[Data to use]
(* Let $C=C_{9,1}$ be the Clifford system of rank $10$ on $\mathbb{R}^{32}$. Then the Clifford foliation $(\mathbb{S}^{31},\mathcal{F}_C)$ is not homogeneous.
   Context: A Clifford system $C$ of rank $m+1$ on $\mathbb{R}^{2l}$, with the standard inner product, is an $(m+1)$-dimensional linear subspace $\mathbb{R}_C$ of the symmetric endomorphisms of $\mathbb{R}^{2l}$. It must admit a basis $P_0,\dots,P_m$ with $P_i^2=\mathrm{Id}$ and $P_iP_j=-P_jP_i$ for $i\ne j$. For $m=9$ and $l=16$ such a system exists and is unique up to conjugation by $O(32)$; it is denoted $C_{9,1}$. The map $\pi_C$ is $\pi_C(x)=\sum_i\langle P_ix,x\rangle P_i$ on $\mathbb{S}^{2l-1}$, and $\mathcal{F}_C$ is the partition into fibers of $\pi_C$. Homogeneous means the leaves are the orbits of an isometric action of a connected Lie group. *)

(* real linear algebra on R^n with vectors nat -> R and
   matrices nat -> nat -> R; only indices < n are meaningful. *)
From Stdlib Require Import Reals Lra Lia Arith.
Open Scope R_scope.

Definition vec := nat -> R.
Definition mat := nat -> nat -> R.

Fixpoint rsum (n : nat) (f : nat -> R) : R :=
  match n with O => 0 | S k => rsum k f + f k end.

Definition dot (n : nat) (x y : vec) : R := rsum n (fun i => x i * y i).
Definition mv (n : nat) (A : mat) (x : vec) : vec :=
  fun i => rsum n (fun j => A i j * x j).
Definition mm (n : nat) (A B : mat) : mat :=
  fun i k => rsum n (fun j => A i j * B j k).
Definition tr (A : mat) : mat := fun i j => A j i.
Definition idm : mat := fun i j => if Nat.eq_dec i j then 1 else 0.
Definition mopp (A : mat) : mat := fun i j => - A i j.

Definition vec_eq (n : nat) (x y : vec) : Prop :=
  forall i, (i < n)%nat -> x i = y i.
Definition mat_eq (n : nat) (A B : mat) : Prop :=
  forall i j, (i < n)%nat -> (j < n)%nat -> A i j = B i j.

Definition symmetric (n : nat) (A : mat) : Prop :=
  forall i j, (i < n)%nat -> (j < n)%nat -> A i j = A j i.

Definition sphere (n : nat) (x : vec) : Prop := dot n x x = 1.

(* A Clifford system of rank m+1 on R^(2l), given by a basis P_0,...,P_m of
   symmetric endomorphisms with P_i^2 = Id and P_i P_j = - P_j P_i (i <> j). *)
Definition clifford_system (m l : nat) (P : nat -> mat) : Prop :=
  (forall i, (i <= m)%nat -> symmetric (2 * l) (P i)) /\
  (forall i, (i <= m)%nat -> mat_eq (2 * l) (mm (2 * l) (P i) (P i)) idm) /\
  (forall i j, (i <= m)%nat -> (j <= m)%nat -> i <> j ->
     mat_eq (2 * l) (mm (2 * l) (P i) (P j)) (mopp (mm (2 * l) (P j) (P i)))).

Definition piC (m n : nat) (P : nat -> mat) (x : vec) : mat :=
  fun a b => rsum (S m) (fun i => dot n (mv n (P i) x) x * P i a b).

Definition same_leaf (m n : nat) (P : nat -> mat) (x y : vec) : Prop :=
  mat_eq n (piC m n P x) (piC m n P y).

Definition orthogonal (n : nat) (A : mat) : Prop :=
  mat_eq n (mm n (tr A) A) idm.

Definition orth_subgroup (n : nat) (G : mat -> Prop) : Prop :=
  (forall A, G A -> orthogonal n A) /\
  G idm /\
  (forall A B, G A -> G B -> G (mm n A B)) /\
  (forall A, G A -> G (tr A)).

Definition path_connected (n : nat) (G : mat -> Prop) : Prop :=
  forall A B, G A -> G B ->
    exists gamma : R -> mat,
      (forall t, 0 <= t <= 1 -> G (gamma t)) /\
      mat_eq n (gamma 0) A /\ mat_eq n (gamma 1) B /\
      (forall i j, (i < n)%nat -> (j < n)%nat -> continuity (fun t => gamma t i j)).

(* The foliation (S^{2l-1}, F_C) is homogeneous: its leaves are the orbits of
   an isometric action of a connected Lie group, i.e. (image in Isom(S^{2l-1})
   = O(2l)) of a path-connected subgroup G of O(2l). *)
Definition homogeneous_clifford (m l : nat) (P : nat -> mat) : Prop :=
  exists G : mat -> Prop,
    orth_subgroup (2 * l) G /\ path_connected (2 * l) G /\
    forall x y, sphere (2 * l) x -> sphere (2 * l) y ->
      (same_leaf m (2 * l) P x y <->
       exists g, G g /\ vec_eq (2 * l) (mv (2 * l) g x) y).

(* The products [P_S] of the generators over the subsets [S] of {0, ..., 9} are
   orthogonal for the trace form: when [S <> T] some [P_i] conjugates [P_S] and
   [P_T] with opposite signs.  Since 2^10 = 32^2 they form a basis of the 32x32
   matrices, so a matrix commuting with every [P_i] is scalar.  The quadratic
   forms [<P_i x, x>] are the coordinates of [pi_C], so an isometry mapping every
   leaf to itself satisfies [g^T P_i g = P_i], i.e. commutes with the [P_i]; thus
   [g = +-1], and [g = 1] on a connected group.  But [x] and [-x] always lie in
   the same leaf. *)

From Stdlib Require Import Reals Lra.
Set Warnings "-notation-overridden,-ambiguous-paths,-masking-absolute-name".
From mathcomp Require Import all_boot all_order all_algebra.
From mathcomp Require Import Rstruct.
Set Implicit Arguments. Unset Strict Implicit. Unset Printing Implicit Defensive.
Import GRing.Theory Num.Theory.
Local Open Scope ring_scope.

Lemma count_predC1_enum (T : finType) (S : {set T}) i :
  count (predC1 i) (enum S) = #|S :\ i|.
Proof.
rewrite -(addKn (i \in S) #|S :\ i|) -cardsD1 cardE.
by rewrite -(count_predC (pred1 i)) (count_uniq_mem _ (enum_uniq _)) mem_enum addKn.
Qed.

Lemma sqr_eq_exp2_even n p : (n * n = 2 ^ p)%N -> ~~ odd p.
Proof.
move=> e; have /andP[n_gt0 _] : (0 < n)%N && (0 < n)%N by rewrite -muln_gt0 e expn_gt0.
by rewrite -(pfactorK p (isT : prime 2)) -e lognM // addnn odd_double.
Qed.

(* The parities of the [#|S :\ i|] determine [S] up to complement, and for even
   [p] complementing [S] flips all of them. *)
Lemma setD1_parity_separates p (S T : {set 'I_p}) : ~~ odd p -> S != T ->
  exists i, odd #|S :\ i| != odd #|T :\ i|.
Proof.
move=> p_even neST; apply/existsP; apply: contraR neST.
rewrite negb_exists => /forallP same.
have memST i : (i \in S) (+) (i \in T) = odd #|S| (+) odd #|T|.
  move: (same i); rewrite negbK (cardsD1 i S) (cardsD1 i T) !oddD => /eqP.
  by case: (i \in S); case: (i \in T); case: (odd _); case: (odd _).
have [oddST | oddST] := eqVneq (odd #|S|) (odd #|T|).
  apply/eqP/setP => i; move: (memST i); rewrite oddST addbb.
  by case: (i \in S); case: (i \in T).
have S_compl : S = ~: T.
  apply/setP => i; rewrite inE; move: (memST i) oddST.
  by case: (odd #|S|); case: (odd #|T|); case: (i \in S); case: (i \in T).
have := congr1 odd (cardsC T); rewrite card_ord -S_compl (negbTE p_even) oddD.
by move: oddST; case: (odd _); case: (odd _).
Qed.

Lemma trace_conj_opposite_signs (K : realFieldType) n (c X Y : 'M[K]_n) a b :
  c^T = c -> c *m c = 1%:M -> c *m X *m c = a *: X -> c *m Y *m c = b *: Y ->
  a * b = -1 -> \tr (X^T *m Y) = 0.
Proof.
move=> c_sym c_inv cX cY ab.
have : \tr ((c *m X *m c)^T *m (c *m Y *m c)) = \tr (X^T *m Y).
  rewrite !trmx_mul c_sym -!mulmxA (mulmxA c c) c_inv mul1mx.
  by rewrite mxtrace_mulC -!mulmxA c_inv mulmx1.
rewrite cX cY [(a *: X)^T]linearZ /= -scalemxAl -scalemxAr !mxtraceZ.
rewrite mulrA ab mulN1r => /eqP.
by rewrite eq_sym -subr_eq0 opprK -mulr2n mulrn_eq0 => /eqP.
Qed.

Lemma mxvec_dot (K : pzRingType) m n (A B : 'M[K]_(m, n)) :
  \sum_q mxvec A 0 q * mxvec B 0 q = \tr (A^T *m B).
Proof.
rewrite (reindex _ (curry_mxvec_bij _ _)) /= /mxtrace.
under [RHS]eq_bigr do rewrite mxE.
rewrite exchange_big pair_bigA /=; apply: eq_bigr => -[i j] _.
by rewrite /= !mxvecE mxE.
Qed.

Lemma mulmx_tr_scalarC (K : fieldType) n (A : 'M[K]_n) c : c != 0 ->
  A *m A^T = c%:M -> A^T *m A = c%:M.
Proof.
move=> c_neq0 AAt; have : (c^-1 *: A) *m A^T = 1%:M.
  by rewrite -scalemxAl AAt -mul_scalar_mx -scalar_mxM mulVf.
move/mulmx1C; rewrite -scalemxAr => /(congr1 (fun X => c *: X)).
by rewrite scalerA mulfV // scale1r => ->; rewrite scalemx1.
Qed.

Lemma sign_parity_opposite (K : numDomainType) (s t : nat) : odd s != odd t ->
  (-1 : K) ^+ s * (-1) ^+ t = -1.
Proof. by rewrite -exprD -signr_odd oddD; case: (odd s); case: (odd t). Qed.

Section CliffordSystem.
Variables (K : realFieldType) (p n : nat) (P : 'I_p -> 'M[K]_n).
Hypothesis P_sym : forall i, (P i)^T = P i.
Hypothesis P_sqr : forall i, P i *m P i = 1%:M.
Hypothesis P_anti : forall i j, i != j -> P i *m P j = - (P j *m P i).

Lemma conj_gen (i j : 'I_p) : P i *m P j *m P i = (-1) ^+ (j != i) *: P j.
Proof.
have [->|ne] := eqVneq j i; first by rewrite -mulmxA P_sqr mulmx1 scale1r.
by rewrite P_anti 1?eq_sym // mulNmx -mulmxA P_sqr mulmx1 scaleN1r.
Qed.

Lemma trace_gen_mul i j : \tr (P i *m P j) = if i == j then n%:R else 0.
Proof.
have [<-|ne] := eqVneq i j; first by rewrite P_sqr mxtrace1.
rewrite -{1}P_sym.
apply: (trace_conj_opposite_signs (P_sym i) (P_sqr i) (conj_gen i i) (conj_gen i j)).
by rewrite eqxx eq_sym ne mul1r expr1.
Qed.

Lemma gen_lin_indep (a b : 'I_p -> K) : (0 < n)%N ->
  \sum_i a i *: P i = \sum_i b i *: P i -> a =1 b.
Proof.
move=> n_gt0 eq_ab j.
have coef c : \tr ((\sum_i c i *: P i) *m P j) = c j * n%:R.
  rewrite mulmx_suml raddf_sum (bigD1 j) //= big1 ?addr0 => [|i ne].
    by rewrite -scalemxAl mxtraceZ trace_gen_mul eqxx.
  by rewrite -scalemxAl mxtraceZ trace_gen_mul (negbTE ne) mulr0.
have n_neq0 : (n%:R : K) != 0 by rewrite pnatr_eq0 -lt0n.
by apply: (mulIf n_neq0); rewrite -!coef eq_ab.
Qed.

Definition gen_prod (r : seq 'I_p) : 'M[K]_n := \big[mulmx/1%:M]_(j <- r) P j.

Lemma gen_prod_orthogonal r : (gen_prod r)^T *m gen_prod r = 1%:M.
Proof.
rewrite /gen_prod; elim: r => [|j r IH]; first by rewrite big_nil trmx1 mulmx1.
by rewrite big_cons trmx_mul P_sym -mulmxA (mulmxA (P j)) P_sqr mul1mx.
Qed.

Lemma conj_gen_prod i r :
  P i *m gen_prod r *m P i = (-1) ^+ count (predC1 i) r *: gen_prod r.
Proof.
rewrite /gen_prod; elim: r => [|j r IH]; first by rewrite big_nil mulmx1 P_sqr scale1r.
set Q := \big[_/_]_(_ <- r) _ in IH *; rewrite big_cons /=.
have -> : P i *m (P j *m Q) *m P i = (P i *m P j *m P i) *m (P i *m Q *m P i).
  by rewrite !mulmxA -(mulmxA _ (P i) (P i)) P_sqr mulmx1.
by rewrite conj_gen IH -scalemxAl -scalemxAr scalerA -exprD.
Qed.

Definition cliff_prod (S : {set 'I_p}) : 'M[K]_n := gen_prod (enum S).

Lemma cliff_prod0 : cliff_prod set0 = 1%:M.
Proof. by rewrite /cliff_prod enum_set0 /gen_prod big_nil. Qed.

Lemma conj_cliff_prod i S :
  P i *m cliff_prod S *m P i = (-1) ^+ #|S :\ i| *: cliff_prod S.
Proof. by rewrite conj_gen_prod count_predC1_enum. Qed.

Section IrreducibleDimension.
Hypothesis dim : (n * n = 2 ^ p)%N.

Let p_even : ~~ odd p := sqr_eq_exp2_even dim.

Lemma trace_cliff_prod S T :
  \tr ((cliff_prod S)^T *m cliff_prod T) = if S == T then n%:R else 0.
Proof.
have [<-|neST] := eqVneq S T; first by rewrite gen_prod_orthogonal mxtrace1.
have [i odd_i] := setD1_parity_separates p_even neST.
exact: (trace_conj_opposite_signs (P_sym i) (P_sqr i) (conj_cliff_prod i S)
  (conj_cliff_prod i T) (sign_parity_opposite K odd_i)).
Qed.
==
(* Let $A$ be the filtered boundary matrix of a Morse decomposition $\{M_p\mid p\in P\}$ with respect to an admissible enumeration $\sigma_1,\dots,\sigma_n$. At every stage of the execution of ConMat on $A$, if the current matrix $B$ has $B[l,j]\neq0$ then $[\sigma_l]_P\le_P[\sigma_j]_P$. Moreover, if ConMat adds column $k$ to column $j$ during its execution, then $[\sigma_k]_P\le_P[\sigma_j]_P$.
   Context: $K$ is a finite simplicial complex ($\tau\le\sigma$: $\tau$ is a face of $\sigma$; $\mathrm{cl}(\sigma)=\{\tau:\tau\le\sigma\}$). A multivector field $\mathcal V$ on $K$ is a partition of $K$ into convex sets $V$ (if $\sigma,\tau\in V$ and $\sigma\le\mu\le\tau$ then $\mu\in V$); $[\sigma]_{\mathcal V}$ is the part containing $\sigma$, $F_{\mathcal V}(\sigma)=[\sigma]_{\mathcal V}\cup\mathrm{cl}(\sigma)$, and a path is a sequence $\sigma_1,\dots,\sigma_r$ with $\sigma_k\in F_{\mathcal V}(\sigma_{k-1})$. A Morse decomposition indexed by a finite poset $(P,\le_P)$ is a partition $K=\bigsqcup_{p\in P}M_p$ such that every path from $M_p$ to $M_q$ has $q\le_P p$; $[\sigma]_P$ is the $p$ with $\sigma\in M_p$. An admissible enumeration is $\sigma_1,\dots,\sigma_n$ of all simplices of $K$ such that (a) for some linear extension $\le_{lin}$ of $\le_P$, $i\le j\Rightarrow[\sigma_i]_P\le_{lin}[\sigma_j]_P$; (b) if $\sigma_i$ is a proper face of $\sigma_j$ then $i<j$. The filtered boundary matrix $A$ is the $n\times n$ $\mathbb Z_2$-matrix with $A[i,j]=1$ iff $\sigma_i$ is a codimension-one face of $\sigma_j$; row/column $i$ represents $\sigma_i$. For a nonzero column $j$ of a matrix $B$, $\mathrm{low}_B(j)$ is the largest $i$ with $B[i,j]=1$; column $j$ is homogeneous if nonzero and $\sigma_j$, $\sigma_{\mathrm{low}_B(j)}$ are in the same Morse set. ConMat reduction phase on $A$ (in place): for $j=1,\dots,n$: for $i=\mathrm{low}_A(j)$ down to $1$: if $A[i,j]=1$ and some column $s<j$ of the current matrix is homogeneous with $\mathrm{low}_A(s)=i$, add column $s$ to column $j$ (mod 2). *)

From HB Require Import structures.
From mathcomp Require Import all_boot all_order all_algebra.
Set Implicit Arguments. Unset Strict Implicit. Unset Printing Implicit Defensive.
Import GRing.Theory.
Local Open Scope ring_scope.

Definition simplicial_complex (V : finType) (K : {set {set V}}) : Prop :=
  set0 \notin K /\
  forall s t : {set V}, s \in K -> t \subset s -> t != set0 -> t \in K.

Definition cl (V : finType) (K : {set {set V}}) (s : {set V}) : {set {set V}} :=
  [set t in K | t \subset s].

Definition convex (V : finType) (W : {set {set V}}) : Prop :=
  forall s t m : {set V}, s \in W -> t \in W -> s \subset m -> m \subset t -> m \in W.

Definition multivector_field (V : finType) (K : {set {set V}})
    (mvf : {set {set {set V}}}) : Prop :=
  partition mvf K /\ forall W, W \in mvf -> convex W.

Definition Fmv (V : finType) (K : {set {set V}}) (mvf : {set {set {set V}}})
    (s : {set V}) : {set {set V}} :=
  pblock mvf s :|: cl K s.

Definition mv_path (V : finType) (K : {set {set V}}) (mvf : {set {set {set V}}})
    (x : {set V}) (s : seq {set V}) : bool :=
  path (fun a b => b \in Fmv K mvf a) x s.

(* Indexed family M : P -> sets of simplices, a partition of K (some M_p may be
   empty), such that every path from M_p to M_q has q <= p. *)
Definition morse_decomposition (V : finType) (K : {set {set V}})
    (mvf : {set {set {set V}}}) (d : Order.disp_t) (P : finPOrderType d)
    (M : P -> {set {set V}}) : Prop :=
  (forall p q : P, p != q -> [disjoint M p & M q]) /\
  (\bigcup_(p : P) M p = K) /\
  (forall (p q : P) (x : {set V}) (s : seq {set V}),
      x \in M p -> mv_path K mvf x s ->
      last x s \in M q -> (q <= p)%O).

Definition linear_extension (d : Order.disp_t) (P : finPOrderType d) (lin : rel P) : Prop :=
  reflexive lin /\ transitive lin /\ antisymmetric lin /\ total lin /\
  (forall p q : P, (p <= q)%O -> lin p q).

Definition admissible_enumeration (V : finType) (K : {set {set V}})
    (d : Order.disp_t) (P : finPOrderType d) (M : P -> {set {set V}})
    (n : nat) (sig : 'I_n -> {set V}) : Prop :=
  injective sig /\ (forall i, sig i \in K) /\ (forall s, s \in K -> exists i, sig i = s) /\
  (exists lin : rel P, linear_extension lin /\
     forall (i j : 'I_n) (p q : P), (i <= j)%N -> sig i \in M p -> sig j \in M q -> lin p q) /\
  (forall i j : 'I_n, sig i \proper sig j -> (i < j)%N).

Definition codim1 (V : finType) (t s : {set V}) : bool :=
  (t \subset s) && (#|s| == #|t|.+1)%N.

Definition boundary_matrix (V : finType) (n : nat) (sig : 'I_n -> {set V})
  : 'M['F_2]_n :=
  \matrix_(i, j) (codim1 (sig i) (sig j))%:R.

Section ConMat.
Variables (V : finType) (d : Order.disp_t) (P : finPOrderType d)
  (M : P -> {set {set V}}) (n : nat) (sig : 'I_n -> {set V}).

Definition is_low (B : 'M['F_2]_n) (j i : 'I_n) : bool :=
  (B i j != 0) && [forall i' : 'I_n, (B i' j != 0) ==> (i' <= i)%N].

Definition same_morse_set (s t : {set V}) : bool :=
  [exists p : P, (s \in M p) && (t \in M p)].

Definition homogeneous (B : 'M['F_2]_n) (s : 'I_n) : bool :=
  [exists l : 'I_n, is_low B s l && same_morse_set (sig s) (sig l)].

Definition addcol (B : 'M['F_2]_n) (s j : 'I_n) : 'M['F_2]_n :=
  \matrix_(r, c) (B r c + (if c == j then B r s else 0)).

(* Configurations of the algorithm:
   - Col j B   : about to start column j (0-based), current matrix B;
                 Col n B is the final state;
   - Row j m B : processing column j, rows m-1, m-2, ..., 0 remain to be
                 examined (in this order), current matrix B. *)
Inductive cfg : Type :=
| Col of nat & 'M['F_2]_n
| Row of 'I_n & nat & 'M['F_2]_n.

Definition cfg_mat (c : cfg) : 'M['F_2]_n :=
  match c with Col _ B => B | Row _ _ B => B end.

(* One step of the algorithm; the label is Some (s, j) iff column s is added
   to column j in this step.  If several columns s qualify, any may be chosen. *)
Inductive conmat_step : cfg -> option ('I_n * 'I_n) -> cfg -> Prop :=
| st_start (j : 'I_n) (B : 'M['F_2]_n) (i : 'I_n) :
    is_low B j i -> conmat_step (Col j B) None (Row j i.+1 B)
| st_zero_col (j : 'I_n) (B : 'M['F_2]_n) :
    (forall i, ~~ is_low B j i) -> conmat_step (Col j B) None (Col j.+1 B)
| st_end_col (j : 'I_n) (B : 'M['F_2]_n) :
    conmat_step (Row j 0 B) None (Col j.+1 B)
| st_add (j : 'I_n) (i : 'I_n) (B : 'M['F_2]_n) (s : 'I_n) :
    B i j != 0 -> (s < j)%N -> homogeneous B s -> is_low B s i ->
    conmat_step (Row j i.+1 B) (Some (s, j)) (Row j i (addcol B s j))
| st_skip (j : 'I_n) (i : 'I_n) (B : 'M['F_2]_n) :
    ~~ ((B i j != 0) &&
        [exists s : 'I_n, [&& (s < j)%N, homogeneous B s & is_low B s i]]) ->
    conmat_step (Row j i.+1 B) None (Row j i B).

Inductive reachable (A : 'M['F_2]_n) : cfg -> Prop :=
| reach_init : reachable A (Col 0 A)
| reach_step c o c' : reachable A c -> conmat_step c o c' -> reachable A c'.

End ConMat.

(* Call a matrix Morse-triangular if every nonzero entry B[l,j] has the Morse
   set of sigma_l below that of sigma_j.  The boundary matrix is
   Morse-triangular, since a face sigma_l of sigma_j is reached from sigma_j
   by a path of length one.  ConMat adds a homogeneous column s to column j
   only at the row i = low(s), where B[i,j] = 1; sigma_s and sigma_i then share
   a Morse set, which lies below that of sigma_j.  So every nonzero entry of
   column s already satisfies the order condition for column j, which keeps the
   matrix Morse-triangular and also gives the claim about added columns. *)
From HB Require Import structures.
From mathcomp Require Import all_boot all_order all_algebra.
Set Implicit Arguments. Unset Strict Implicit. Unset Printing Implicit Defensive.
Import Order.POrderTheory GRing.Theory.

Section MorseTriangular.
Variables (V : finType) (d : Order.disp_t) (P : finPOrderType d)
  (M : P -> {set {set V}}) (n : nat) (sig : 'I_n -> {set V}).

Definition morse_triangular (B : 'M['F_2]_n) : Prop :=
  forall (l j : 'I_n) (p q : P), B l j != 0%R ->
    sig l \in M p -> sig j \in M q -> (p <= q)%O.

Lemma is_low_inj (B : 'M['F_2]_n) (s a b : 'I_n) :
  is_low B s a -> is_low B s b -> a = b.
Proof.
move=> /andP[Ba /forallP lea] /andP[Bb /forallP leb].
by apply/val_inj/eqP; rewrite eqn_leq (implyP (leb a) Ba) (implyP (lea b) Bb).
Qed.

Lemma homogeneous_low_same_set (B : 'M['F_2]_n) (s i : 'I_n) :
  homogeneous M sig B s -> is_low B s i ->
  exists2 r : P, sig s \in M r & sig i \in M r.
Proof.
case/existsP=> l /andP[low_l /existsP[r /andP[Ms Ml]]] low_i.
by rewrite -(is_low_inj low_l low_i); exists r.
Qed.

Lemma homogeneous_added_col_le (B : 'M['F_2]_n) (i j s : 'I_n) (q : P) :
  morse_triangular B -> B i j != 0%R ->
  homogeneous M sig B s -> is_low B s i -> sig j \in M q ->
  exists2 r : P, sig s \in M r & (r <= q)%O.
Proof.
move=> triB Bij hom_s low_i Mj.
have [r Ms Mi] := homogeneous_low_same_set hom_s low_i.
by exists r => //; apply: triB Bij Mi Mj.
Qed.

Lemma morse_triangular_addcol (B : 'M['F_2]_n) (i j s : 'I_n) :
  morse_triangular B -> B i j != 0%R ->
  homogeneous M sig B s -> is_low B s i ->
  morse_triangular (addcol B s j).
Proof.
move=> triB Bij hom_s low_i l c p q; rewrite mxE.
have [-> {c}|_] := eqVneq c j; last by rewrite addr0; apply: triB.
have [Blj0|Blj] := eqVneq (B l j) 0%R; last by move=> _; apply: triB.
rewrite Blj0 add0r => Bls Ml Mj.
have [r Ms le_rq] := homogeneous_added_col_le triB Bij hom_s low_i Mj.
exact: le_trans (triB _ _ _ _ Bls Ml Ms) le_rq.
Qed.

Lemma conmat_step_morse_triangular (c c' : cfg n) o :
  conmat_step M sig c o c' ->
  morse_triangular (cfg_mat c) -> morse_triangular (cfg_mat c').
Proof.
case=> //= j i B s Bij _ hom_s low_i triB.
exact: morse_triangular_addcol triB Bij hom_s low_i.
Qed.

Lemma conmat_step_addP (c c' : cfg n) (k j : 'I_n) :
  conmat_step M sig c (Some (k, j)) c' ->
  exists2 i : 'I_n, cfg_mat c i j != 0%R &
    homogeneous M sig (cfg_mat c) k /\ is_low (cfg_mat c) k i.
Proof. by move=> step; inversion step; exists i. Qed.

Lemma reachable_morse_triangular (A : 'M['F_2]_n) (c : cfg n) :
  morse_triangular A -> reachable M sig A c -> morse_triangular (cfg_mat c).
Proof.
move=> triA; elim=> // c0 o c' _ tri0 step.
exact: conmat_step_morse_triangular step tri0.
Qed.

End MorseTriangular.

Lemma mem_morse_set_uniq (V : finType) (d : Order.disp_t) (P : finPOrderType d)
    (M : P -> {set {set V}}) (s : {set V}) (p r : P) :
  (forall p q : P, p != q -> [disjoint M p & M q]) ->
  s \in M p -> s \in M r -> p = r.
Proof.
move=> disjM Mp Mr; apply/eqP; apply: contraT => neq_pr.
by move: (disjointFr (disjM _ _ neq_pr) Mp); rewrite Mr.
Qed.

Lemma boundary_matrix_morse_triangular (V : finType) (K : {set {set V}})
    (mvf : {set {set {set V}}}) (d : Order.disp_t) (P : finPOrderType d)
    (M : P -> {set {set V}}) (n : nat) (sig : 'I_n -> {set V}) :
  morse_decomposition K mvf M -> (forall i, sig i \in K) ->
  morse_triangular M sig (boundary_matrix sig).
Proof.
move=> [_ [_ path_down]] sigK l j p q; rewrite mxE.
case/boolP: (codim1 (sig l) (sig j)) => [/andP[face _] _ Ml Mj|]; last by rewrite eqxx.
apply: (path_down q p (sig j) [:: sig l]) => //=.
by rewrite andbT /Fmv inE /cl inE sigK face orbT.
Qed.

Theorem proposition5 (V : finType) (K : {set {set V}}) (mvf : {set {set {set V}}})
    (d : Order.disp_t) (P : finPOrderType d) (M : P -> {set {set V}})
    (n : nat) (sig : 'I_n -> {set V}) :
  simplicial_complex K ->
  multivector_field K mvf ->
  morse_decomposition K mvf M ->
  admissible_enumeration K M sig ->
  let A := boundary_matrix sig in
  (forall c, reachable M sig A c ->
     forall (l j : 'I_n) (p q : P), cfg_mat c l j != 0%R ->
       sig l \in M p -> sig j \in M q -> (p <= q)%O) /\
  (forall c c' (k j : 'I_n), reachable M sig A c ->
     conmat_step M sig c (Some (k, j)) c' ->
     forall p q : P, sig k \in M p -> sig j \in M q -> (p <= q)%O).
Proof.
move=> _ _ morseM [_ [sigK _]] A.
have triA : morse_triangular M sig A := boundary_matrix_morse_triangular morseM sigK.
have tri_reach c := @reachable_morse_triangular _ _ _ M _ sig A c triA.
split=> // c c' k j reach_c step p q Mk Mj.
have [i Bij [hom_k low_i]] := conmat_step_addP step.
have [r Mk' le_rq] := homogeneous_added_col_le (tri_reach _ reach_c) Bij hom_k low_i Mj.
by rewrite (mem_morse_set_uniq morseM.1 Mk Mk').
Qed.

[Instructions for the task] Your task is to retype the entries verbatim, starting with the line that holds "is not homogeneous." and stopping after the line that holds "(* A Clifford".

[Response to this exercise]
(* Let $C=C_{9,1}$ be the Clifford system of rank $10$ on $\mathbb{R}^{32}$. Then the Clifford foliation $(\mathbb{S}^{31},\mathcal{F}_C)$ is not homogeneous.
   Context: A Clifford system $C$ of rank $m+1$ on $\mathbb{R}^{2l}$, with the standard inner product, is an $(m+1)$-dimensional linear subspace $\mathbb{R}_C$ of the symmetric endomorphisms of $\mathbb{R}^{2l}$. It must admit a basis $P_0,\dots,P_m$ with $P_i^2=\mathrm{Id}$ and $P_iP_j=-P_jP_i$ for $i\ne j$. For $m=9$ and $l=16$ such a system exists and is unique up to conjugation by $O(32)$; it is denoted $C_{9,1}$. The map $\pi_C$ is $\pi_C(x)=\sum_i\langle P_ix,x\rangle P_i$ on $\mathbb{S}^{2l-1}$, and $\mathcal{F}_C$ is the partition into fibers of $\pi_C$. Homogeneous means the leaves are the orbits of an isometric action of a connected Lie group. *)

(* real linear algebra on R^n with vectors nat -> R and
   matrices nat -> nat -> R; only indices < n are meaningful. *)
From Stdlib Require Import Reals Lra Lia Arith.
Open Scope R_scope.

Definition vec := nat -> R.
Definition mat := nat -> nat -> R.

Fixpoint rsum (n : nat) (f : nat -> R) : R :=
  match n with O => 0 | S k => rsum k f + f k end.

Definition dot (n : nat) (x y : vec) : R := rsum n (fun i => x i * y i).
Definition mv (n : nat) (A : mat) (x : vec) : vec :=
  fun i => rsum n (fun j => A i j * x j).
Definition mm (n : nat) (A B : mat) : mat :=
  fun i k => rsum n (fun j => A i j * B j k).
Definition tr (A : mat) : mat := fun i j => A j i.
Definition idm : mat := fun i j => if Nat.eq_dec i j then 1 else 0.
Definition mopp (A : mat) : mat := fun i j => - A i j.

Definition vec_eq (n : nat) (x y : vec) : Prop :=
  forall i, (i < n)%nat -> x i = y i.
Definition mat_eq (n : nat) (A B : mat) : Prop :=
  forall i j, (i < n)%nat -> (j < n)%nat -> A i j = B i j.

Definition symmetric (n : nat) (A : mat) : Prop :=
  forall i j, (i < n)%nat -> (j < n)%nat -> A i j = A j i.

Definition sphere (n : nat) (x : vec) : Prop := dot n x x = 1.

(* A Clifford system of rank m+1 on R^(2l), given by a basis P_0,...,P_m of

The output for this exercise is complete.